Since he was a child, Rimmer had been told what was expected of him. And what hadn't been explicitly spelled out he had just known, known as sure as the sun would rise. His parents had seen to that. Rimmer knew there were things you could never, ever do. Even if you wanted to, more than anything.
"It's a pity," he began. "It's a crying shame."
"People hold you down again," said Lister, echoing what he'd heard from Rimmer a hundred times before. "How painful it must be, to bruise so easily inside."
That was when the lights came up and the music started. Rimmer ignored it as if it was a totally normal, everyday occurrence, sparing a brief glance at the orchestra that had appeared out of nowhere, and continued. "It's a pity, it's a downright crime, it happens all the time."
"You want to stay little daddy's girl," interrupted Lister. Rimmer turned and glared at him; Lister shrugged, and kept on singing. "You want to hide from the vicious world outside."
"Don't cry," Rimmer replied firmly, as his parents had always told him. "You know the tears will do no good, so dry your eyes."
Lister shook his head. "Oh, your daddy, he's the iron man, battleship wrecked on dry land -- your mama she's a bitter bride, she'll never be satisfied, you know. And that's not right."
"But don't cry," the hologram repeated, still following along with the music. "You know the tears will do no good, so dry your eyes."
"Oh, they told you life is hard, misery from the start -- it's dull, it's slow, it's painful," Lister broke in, shaking his head again. "But I tell you life is sweet, in spite of the misery -- there's so much more, be grateful." He smiled. "Well, who do you believe? Who will you listen to, who will it be? 'Cause it's high time that you decide -- in your own mind."
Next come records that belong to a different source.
Lemma has_arg_unique p t t' :
  has_arg p t -> has_arg p t' -> exists z : int, t' = t + 2 * PI * z%:~R.
Proof.
move=> ht ht'; have [hs hc] := has_arg_diff ht ht'.
by have [z hz] := sin_eq0_cos_gt0 hs hc; exists z; rewrite -hz RminusE; ring.
Qed.

Lemma intr_eq_of_bounds (T : numDomainType) (z k : int) :
  (k - 1)%:~R < z%:~R :> T -> z%:~R < (k + 1)%:~R :> T -> z = k.
Proof. by rewrite !ltr_int; lia. Qed.

Lemma winding_step (x x' y y' : R) (z z' : int) :
  x = y + 2 * PI * z%:~R -> x' = y' + 2 * PI * z'%:~R ->
  x <= x' -> x' <= x + 2 * PI -> y' < y + 2 * PI -> y < y' + 2 * PI -> y != y' ->
  z' = z + (y' < y)%O%:R.
Proof.
move=> -> -> hx hx' hy hy'; have pi0 := PI_gt0.
rewrite neq_lt => /orP[lt_yy'|lt_y'y].
- rewrite ltNge (ltW lt_yy') addr0.
  by apply: (@intr_eq_of_bounds R); rewrite ?intrB ?intrD; nra.
- by rewrite lt_y'y; apply: (@intr_eq_of_bounds R); rewrite ?intrB ?intrD /=; nra.
Qed.

Lemma smooth_complete_fan_inj m (u : 'I_m -> int * int) :
  smooth_complete_fan u -> injective u.
Proof.
move=> [_ [_ [_ [phi [hphi [mono wrap]]]]]].
have lt_neq (k l : 'I_m) : (k < l)%N -> u k != u l.
  move=> lt_kl; apply/eqP => e; have pi0 := PI_gt0.
  have [z hz] : exists z : int, phi l = phi k + 2 * PI * z%:~R.
    by apply: has_arg_unique (hphi k) _; rewrite e.
  have := mono _ _ lt_kl; have := wrap k l; rewrite hz => h1 h2.
  have : 0 < z%:~R :> R by nra.
  have : z%:~R < 1 :> R by nra.
  by rewrite ltr0z ltrz1; lia.
move=> k l e; case: (ltngtP k l) => [h|h|/val_inj //].
all: by move/lt_neq: h; rewrite e eqxx.
Qed.

Lemma cyclic_ordering_winding n m (v : 'I_n -> int * int) (u : 'I_m -> int * int)
    (r : 'I_n -> 'I_m) :
  smooth_complete_fan u -> cyclic_ordering v -> (forall i, u (r i) = v i) ->
  exists q : 'I_n -> int,
    forall i j : 'I_n, (i <= j)%N -> r i != r j -> q j = q i + (r j < r i)%:R.
Proof.
move=> [_ [_ [_ [phi [hphi [pmono pwrap]]]]]] [theta [htheta [tmono twrap]]] hr.
(* [q i] counts the turns of [theta i] beyond the fan angle [phi (r i)]. *)
have laps i : exists z : int, theta i = phi (r i) + 2 * PI * z%:~R.
  by apply: has_arg_unique (htheta i); rewrite -hr.
have [q hq] := fin_all_exists laps.
have phi_lt (k l : 'I_m) : (phi k < phi l) = (k < l)%N.
  case: (ltngtP k l) => [h|h|/val_inj ->]; last by rewrite ltxx.
  - exact: pmono.
  - by apply/negbTE; rewrite -leNgt ltW // pmono.
exists q => i j le_ij ne_r; rewrite -phi_lt.
apply: (winding_step (hq i) (hq j) (tmono _ _ le_ij) (twrap i j)); rewrite ?pwrap //.
by rewrite neq_lt !phi_lt -neq_ltn val_eqE.
Qed.

Section WindingOrder.
Variables (n m : nat) (v : 'I_n -> int * int) (u : 'I_m -> int * int).
Variables (r : 'I_n -> 'I_m) (q : 'I_n -> int).
Hypothesis ur : forall i, u (r i) = v i.
Hypothesis q_step : forall i j : 'I_n, (i <= j)%N -> r i != r j -> q j = q i + (r j < r i)%:R.

Lemma order_add_chi_basis i j :
  (r i < r j)%:R * det2 (v i) (v j) + chi_basis v i j
  = (i == j)%:R + (1 + q i - q j) * det2 (v i) (v j).
Proof.
rewrite /chi_basis; have [<-|ne_ij] := eqVneq i j; first by rewrite det2xx ltnn /=; ring.
have [eq_r|ne_r] := eqVneq (r i) (r j).
  by rewrite -!ur eq_r det2xx if_same !mulr0.
suff <- : ((r i < r j)%:R + (j < i)%:R : int) = 1 + q i - q j.
  by case: (j < i)%N => /=; ring.
case: (ltngtP i j) => [lt_ij|lt_ji|/val_inj eq_ij]; last by rewrite eq_ij eqxx in ne_ij.
- rewrite (q_step (ltnW lt_ij) ne_r).
  by case: (ltngtP (r i) (r j)) => [_|_|/val_inj eq_r] /=; [ring|ring|rewrite eq_r eqxx in ne_r].
- rewrite (q_step (ltnW lt_ji)); last by rewrite eq_sym.
  by case: (ltngtP (r i) (r j)) => [_|_|/val_inj eq_r] /=; [ring|ring|rewrite eq_r eqxx in ne_r].
Qed.

Lemma order_sum_add_chi a b : in_K v a -> in_K v b ->
  \sum_(j < n) b j * \sum_(i < n) a i * ((r i < r j)%:R * det2 (v i) (v j)) + chi v a b
  = \sum_(i < n) a i * b i.
Proof.
move=> Ka Kb; rewrite /chi.
have -> : \sum_(j < n) b j * \sum_(i < n) a i * ((r i < r j)%:R * det2 (v i) (v j))
    = \sum_(i < n) \sum_(j < n) a i * b j * ((r i < r j)%:R * det2 (v i) (v j)).
  under eq_bigr do rewrite mulr_sumr.
  by rewrite exchange_big; apply: eq_bigr => i _; apply: eq_bigr => j _; ring.
rewrite -big_split /=.
under eq_bigr do rewrite -big_split /=.
under eq_bigr do under eq_bigr do rewrite -mulrDr order_add_chi_basis mulrDr.
under eq_bigr do rewrite big_split /=.
rewrite big_split /= (sum_det2_ker_sep (fun i => 1 + q i) (fun j => - q j)) // addr0.
apply: eq_bigr => i _; rewrite (bigD1 i) //= eqxx mulr1 big1 ?addr0 // => j.
by rewrite eq_sym => /negbTE ->; rewrite mulr0.
Qed.

End WindingOrder.

Theorem lemma2p4 (n : nat) (v : 'I_n -> int * int)
    (Hseed : is_seed v) (Hcoker : finite_coker v) (Hcyc : cyclic_ordering v)
    (m : nat) (u : 'I_m -> int * int)
    (Hfan : smooth_complete_fan u) (Hcont : fan_contains v u)
    (alpha beta : 'I_n -> int) (Ha : in_K v alpha) (Hb : in_K v beta) :
  (exists c, represents_Ca v u alpha c) /\
  (exists c', represents_Ca v u beta c') /\
  (forall c c', represents_Ca v u alpha c -> represents_Ca v u beta c' ->
     iota_pairing v u alpha beta c c' = - chi v alpha beta).
Proof.
have u_inj := smooth_complete_fan_inj Hfan.
have [r ur] := fin_all_exists Hcont.
have [q q_step] := cyclic_ordering_winding Hfan Hcyc ur.
have [m_ge3 [_ [det2_ordS _]]] := Hfan.
have rep a : in_K v a -> represents_Ca v u a (toric_class u (pushforward r a)).
  move=> Ka l; rewrite (pushforwardE ur _ _ u_inj) dot_toric_class //.
  by rewrite /in_K (psi_of_pushforward ur).
split; first by exists (toric_class u (pushforward r alpha)); exact: rep.
split; first by exists (toric_class u (pushforward r beta)); exact: rep.
move=> c c' hc hc'.
rewrite /iota_pairing (represents_toric_pairing hc hc' (rep _ Ha)).
under eq_bigr do rewrite (pushforwardE ur _ _ u_inj) mulrC.
rewrite sum_pushforward.
under eq_bigr do rewrite (toric_class_pushforward ur).
by rewrite -(order_sum_add_chi ur q_step Ha Hb); ring.
Qed.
Rimmer looked at him like he was crazy. How could he go against something that was ingrained so deeply within him?
Lister sighed. "I've tried to comfort you, I've tried to tell you to be patient."
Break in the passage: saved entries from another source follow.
Lemma weight_le_at_mu lam p k : 0 < lam -> sqrt (INR k) <= M lam (S p) / M lam p ->
  weight lam 1 k <= (M lam (S p) / M lam p) ^ S p / M lam (S p).
Proof.
  intros Hl Hk. apply weight_le. intros r. eapply Rle_trans; [|apply pow_div_M_max_at_mu; auto].
  unfold wterm. replace (sqrt (INR k) / 1) with (sqrt (INR k)) by field. unfold Rdiv.
  apply Rmult_le_compat_r; [apply Rlt_le, Rinv_0_lt_compat, M_pos; auto|].
  apply pow_incr. split; [apply sqrt_pos|auto].
Qed.

(* Evaluate the growth bound at [K ~ mu^2/2], bounding [weight j j K] below by its
   [p]-th term and [weight lam 1 (K + K)] above by its [(p+1)]-th term. *)
Lemma large_mu_bound lam (j : nat) L p : 0 < lam -> (1 <= j)%nat -> 0 <= L ->
  (forall K, INR K * weight (INR j) (INR j) K <= L * weight lam 1 (K + K)) ->
  2 <= M lam (S p) / M lam p ->
  M lam (S p) * (M lam (S p) / M lam p) <= 4 * L * (2 * INR j) ^ p * M (INR j) p.
Proof.
  intros Hl Hj HL HC Hs2. assert (Hj0 : 0 < INR j) by (apply lt_0_INR; lia).
  set (s := M lam (S p) / M lam p) in *. set (X := M lam (S p)). set (Y := M (INR j) p).
  assert (HX : 0 < X) by (apply M_pos; auto). assert (HY : 0 < Y) by (apply M_pos; lra).
  destruct (nfloor_ex (s ^ 2 / 2)) as [K [HK1 HK2]]; [nra|].
  assert (HKK : INR (K + K) <= s ^ 2) by (rewrite plus_INR; lra).
  assert (HsK : s / 2 <= sqrt (INR K)).
  { rewrite <- (sqrt_pow2 (s / 2)) by lra. apply sqrt_le_1_alt. simpl in *. nra. }
  assert (HWl : weight lam 1 (K + K) <= s ^ S p / X).
  { apply weight_le_at_mu; auto. change (sqrt (INR (K + K)) <= s).
    rewrite <- (sqrt_pow2 s) by lra. apply sqrt_le_1_alt; auto. }
  assert (HWj : (s / (2 * INR j)) ^ p / Y <= weight (INR j) (INR j) K).
  { eapply Rle_trans; [|apply wterm_le_weight; auto]. unfold wterm. fold Y.
    unfold Rdiv at 1 3. apply Rmult_le_compat_r; [apply Rlt_le, Rinv_0_lt_compat; auto|].
    apply pow_incr. split; [apply Rlt_le, Rdiv_lt_0_compat; lra|].
    replace (s / (2 * INR j)) with ((s / 2) / INR j) by (field; lra).
    apply Rmult_le_compat_r; [apply Rlt_le, Rinv_0_lt_compat|]; auto. }
  assert (Hmain : s ^ 2 / 4 * ((s / (2 * INR j)) ^ p / Y) <= L * (s ^ S p / X)).
  { apply Rle_trans with (INR K * weight (INR j) (INR j) K).
    - apply Rmult_le_compat; [nra| |nra|auto].
      apply Rmult_le_pos; [apply pow_le, Rlt_le, Rdiv_lt_0_compat; lra|].
      apply Rlt_le, Rinv_0_lt_compat; auto.
    - eapply Rle_trans; [apply HC|]. apply Rmult_le_compat_l; auto. }
  set (u := s ^ p). set (w := (2 * INR j) ^ p).
  assert (Hu : 0 < u) by (apply pow_lt; lra). assert (Hw : 0 < w) by (apply pow_lt; lra).
  replace ((s / (2 * INR j)) ^ p) with (u / w) in Hmain
    by (unfold u, w, Rdiv; rewrite (Rpow_mult_distr s (/ (2 * INR j))), pow_inv; auto).
  replace (s ^ S p) with (s * u) in Hmain by (unfold u; simpl; ring).
  apply (Rmult_le_compat_r (4 * w * Y * X / (s * u))) in Hmain.
  2: { apply Rlt_le, Rdiv_lt_0_compat; [|nra]. repeat apply Rmult_lt_0_compat; lra. }
  replace (s ^ 2 / 4 * (u / w / Y) * (4 * w * Y * X / (s * u))) with (X * s) in Hmain
    by (simpl; field; repeat split; lra).
  replace (L * (s * u / X) * (4 * w * Y * X / (s * u))) with (4 * L * w * Y) in Hmain
    by (field; repeat split; lra).
  auto.
Qed.

Lemma condition_of_weight_growth lam (j : nat) L : 0 < lam -> (1 <= j)%nat -> lam <= INR j ->
  0 <= L -> (forall K, INR K * weight (INR j) (INR j) K <= L * weight lam 1 (K + K)) ->
  forall p, M lam (S p) <= ((2 + 2 * L) * (2 * INR j)) ^ S p * M (INR j) p.
Proof.
  intros Hl Hj Hlj HL HC p. assert (Hj1 : 1 <= INR j) by (apply (le_INR 1); lia).
  set (X := M lam (S p)). set (Y := M (INR j) p). set (s := X / M lam p).
  assert (HX : 0 < X) by (apply M_pos; auto). assert (HY : 0 < Y) by (apply M_pos; lra).
  assert (HMp := M_pos lam p Hl). assert (HMY : M lam p <= Y) by (apply M_le; auto).
  assert (Hw : 1 <= (2 * INR j) ^ p) by (apply pow_R1_Rle; lra).
  assert (HA : (2 + 2 * L) * (2 * INR j) ^ p <= ((2 + 2 * L) * (2 * INR j)) ^ S p).
  { rewrite (Rpow_mult_distr (2 + 2 * L) (2 * INR j)). apply Rmult_le_compat; try lra.
    - rewrite <- (pow_1 (2 + 2 * L)) at 1. apply Rle_pow; [lra|lia].
    - apply Rle_pow; [lra|lia]. }
  apply Rle_trans with ((2 + 2 * L) * (2 * INR j) ^ p * Y); [|apply Rmult_le_compat_r; lra].
  assert (HXs : X = s * M lam p) by (unfold s; field; lra).
  destruct (Rlt_or_le s 2) as [hs|hs].
  - assert (X < 2 * M lam p) by (rewrite HXs; apply Rmult_lt_compat_r; lra).
    assert (2 <= (2 + 2 * L) * (2 * INR j) ^ p) by nra.
    nra.
  - assert (H := large_mu_bound lam j L p Hl Hj HL HC hs). fold X Y s in H.
    assert (2 * X <= 4 * L * (2 * INR j) ^ p * Y) by nra.
    nra.
Qed.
Rimmer turned away, but Lister took him by the shoulders and turned him back, staring determinedly into his eyes. "For they are blind, and they can't see." He shook him. "Fortune's gonna come one day, and they're all gonna fade away -- your daddy the war machine, and your mama the long and suffering."
"Prisoner of what she cannot see," Rimmer whispered in agreement.
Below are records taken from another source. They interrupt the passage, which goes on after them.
Lemma is_series_turan_term (Sa Ua : R) :
  is_series a Sa -> is_series (fun k => a k / (INR k + nu + 1)) Ua ->
  is_series turan_term (Sa * (y ^ 2 * Sa) - y ^ 2 * Ua * (y ^ 2 * Ua) - / 2 * (y ^ 2 * Ua * Sa)).
Proof.
  intros HS HU.
  assert (Ha : forall k, 0 <= a k) by (intros k; left; apply a_gt_0).
  assert (Hi : forall k, 0 <= INR k * a k)
    by (intros k; apply Rmult_le_pos; [apply pos_INR | apply Ha]).
  assert (Hii : forall k, 0 <= INR k * (INR k + nu) * a k)
    by (intros k; pose proof (pos_INR k); apply Rmult_le_pos; [nra | apply Ha]).
  pose proof (is_series_index_mul Ua HU) as HiU.
  pose proof (is_series_mult_pos _ _ _ _ HS (is_series_index_sq_mul Sa HS) Ha Hii) as P1.
  pose proof (is_series_mult_pos _ _ _ _ HiU HiU Hi Hi) as P2.
  pose proof (is_series_scal_l (V := R_NormedModule) (/ 2) _ _
    (is_series_mult_pos _ _ _ _ HiU HS Hi Ha)) as P3.
  pose proof (is_series_minus _ _ _ _ (is_series_minus _ _ _ _ P1 P2) P3) as P.
  eapply is_series_ext; [| exact P].
  intros n. unfold turan_term, plus, opp, scal; simpl; unfold mult; simpl.
  rewrite <- !Rminus_def, scal_sum, <- !minus_sum. apply sum_eq. intros j Hj.
  unfold turan_weight. rewrite minus_INR by exact Hj. field.
Qed.

Theorem turan_ineq (Sa Ua : R) :
  is_series a Sa -> is_series (fun k => a k / (INR k + nu + 1)) Ua ->
  y ^ 2 * Ua ^ 2 + Ua * Sa / 2 < Sa ^ 2.
Proof.
  intros HS HU.
  pose proof (sum_f_R0_le_is_series turan_term _ 1 turan_term_ge_0
    (is_series_turan_term Sa Ua HS HU)) as Hpartial.
  simpl in Hpartial. pose proof (turan_term_ge_0 0). pose proof turan_term_1_gt_0.
  assert (0 < y ^ 2) by (apply pow_lt, y_gt_0).
  nra.
Qed.

End Turan.

Definition bessel_coeff (nu y : R) (k : nat) : R :=
  Rpower y (2 * INR k + nu) / (INR (fact k) * pochhammer (nu + 1) k).

Lemma bessel_coeff_gt_0 nu y k : 0 <= nu -> 0 < bessel_coeff nu y k.
Proof.
  intros Hnu. apply Rdiv_lt_0_compat; [apply Rpower_gt_0 |].
  apply Rmult_lt_0_compat; [apply lt_0_INR, lt_O_fact | apply pochhammer_gt_0; lra].
Qed.

Lemma bessel_coeff_succ nu y k : 0 <= nu -> 0 < y ->
  (INR k + 1) * (INR k + nu + 1) * bessel_coeff nu y (S k) = y ^ 2 * bessel_coeff nu y k.
Proof.
  intros Hnu Hy. unfold bessel_coeff. simpl pochhammer.
  rewrite fact_simpl, mult_INR, S_INR.
  replace (2 * (INR k + 1) + nu) with (2 * INR k + nu + INR 2) by (simpl; ring).
  rewrite Rpower_plus, Rpower_pow by exact Hy.
  pose proof (pos_INR k). pose proof (pochhammer_gt_0 (nu + 1) k ltac:(lra)).
  assert (0 < INR (fact k)) by apply lt_0_INR, lt_O_fact.
  field. repeat split; apply Rgt_not_eq; lra.
Qed.

Lemma BesselI_eq nu x : 0 <= nu ->
  BesselI nu x = Series (bessel_coeff nu (x / 2)) / Gamma (nu + 1).
Proof.
  intros Hnu. unfold BesselI. rewrite (Rdiv_def (Series _)), <- Series_scal_r.
  apply Series_ext. intros k. unfold bessel_coeff.
  replace (INR k + nu + 1) with (nu + 1 + INR k) by ring.
  rewrite Gamma_add_nat by lra. unfold Rdiv. rewrite !Rinv_mult. ring.
Qed.

Lemma BesselI_succ_eq nu x : 0 <= nu -> 0 < x ->
  BesselI (nu + 1) x =
  x / 2 * Series (fun k => bessel_coeff nu (x / 2) k / (INR k + nu + 1)) / Gamma (nu + 1).
Proof.
  intros Hnu Hx. unfold BesselI. rewrite (Rdiv_def (_ * Series _)), <- Series_scal_l, <- Series_scal_r.
  apply Series_ext. intros k. unfold bessel_coeff.
  replace (INR k + (nu + 1) + 1) with (nu + 1 + INR (S k)) by (rewrite S_INR; ring).
  replace (2 * INR k + (nu + 1)) with (2 * INR k + nu + 1) by ring.
  rewrite Gamma_add_nat, Rpower_plus, Rpower_1 by lra. simpl pochhammer.
  replace (nu + 1 + INR k) with (INR k + nu + 1) by ring.
  unfold Rdiv. rewrite !Rinv_mult. ring.
Qed.

Lemma Series_bessel_coeff_eq_of_Psi nu K r : 0 <= nu -> 0 < K -> 0 < r ->
  r = Psi nu (2 * K * r) ->
  Series (bessel_coeff nu (K * r)) =
  K * Series (fun k => bessel_coeff nu (K * r) k / (INR k + nu + 1)).
Proof.
  intros Hnu HK Hr Heq. unfold Psi in Heq.
  rewrite BesselI_succ_eq, BesselI_eq in Heq by nra.
  replace (2 * K * r / 2) with (K * r) in Heq by field.
  set (Sa := Series (bessel_coeff nu (K * r))) in Heq |- *.
  set (Ua := Series (fun k => _)) in Heq |- *.
  assert (Hden : Sa / Gamma (nu + 1) <> 0).
  { intros Hden0. rewrite Hden0, Rdiv_0_r in Heq. lra. }
  assert (Hg : Gamma (nu + 1) <> 0) by (intros Hg; apply Hden; rewrite Hg; apply Rdiv_0_r).
  assert (HSa : Sa <> 0) by (intros HS; apply Hden; rewrite HS; apply Rdiv_0_l).
  apply (Rmult_eq_reg_l r); [| lra].
  rewrite Heq at 1. field. split; assumption.
Qed.

Theorem mainTheorem4 (nu K r : R) :
  0 <= nu -> nu + 1 < K -> 0 < r -> r = Psi nu (2 * K * r) ->
  r < sqrt (1 - 1 / (2 * K)).
Proof.
  intros Hnu HK Hr Heq.
  assert (HK0 : 0 < K) by lra.
  pose proof (Series_bessel_coeff_eq_of_Psi nu K r Hnu HK0 Hr Heq) as HSU.
  set (y := K * r) in HSU. assert (Hy : 0 < y) by (unfold y; nra).
  set (b := bessel_coeff nu y) in HSU.
  assert (Hb : forall k, 0 < b k) by (intros k; now apply bessel_coeff_gt_0).
  assert (Hrec : forall k, (INR k + 1) * (INR k + nu + 1) * b (S k) = y ^ 2 * b k)
    by (intros k; now apply bessel_coeff_succ).
  pose proof (Series_correct _ (ex_series_a nu y b Hnu Hb Hrec)) as HS.
  pose proof (Series_correct _ (ex_series_a_div nu y b Hnu Hb Hrec)) as HU.
  pose proof (is_series_gt_0 b _ Hb HS) as HSa.
  pose proof (turan_ineq nu y b Hnu Hy Hb Hrec _ _ HS HU) as Hturan.
  set (Ua := Series (fun k => _)) in HSU, HU, Hturan. rewrite HSU in HSa, Hturan. unfold y in Hturan.
  assert (HUa : 0 < Ua) by nra.
  assert (Hr2 : r ^ 2 < 1 - 1 / (2 * K)).
  { apply (Rmult_lt_reg_r (K ^ 2 * Ua ^ 2)); [nra |].
    replace ((1 - 1 / (2 * K)) * (K ^ 2 * Ua ^ 2)) with (K ^ 2 * Ua ^ 2 - Ua * (K * Ua) / 2)
      by (field; lra).
    nra. }
  rewrite <- (sqrt_pow2 r) by lra. apply sqrt_lt_1_alt. split; [apply pow2_ge_0 | exact Hr2].
Qed.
"For they told you life is hard, misery from the start -- it's dull, it's slow, it's painful -- but I tell you life is sweet, in spite of the misery; there's so much more, be grateful." Lister smiled again, challenging him. "So, who will you believe? Who will you listen to, who will it be? 'Cause it's high time that you decide; it's time to make up your own, your own state of mind." He wrapped his arms around the hologram, then reached up and traced the 'H' on the other man's forehead. "Oh they told you life is long, be thankful when it's done. Don't ask for more; be grateful-"
Rimmer nodded, but his parents' words held little meaning for him. Lister was right. He'd been right all along.
Now Rimmer joined in, accepting the embrace and adding his voice to the chorus. "But I tell you life is short.be thankful, because before you know it, it will be over." He pulled back a little to look Lister in the eyes, then kissed him. "'Cause life is sweet, life is also very short.life is sweet and life is also very short," they sang together, Rimmer's voice carrying the final line. "Oh, life is sweet."
"Off."
The dream recorder's screen went blank. This was his fifth time through it; each time wondering if there was a different way to interpret the images he'd seen. He still hadn't come up with anything. His bunkmate had woken him from a sound sleep with certain verbal components of this dream, which had sent him to Starbug's computer room to find out what all the mumbling and singing -- if you could call it that -- was about. And after seeing what the other man had been dreaming of, he knew there was no way he could just go back to sleep. Not now.
//The smartest thing to do would be to get back in bed, close my eyes, and forget everything I saw here tonight,// he told himself.
Then he grinned. //Lucky for me I'm not that smart, then.//
Gleefully, Lister bounded back to the quarters he shared with Rimmer. His bunkmate was finally ready.and he was about to discover how truly sweet life could be.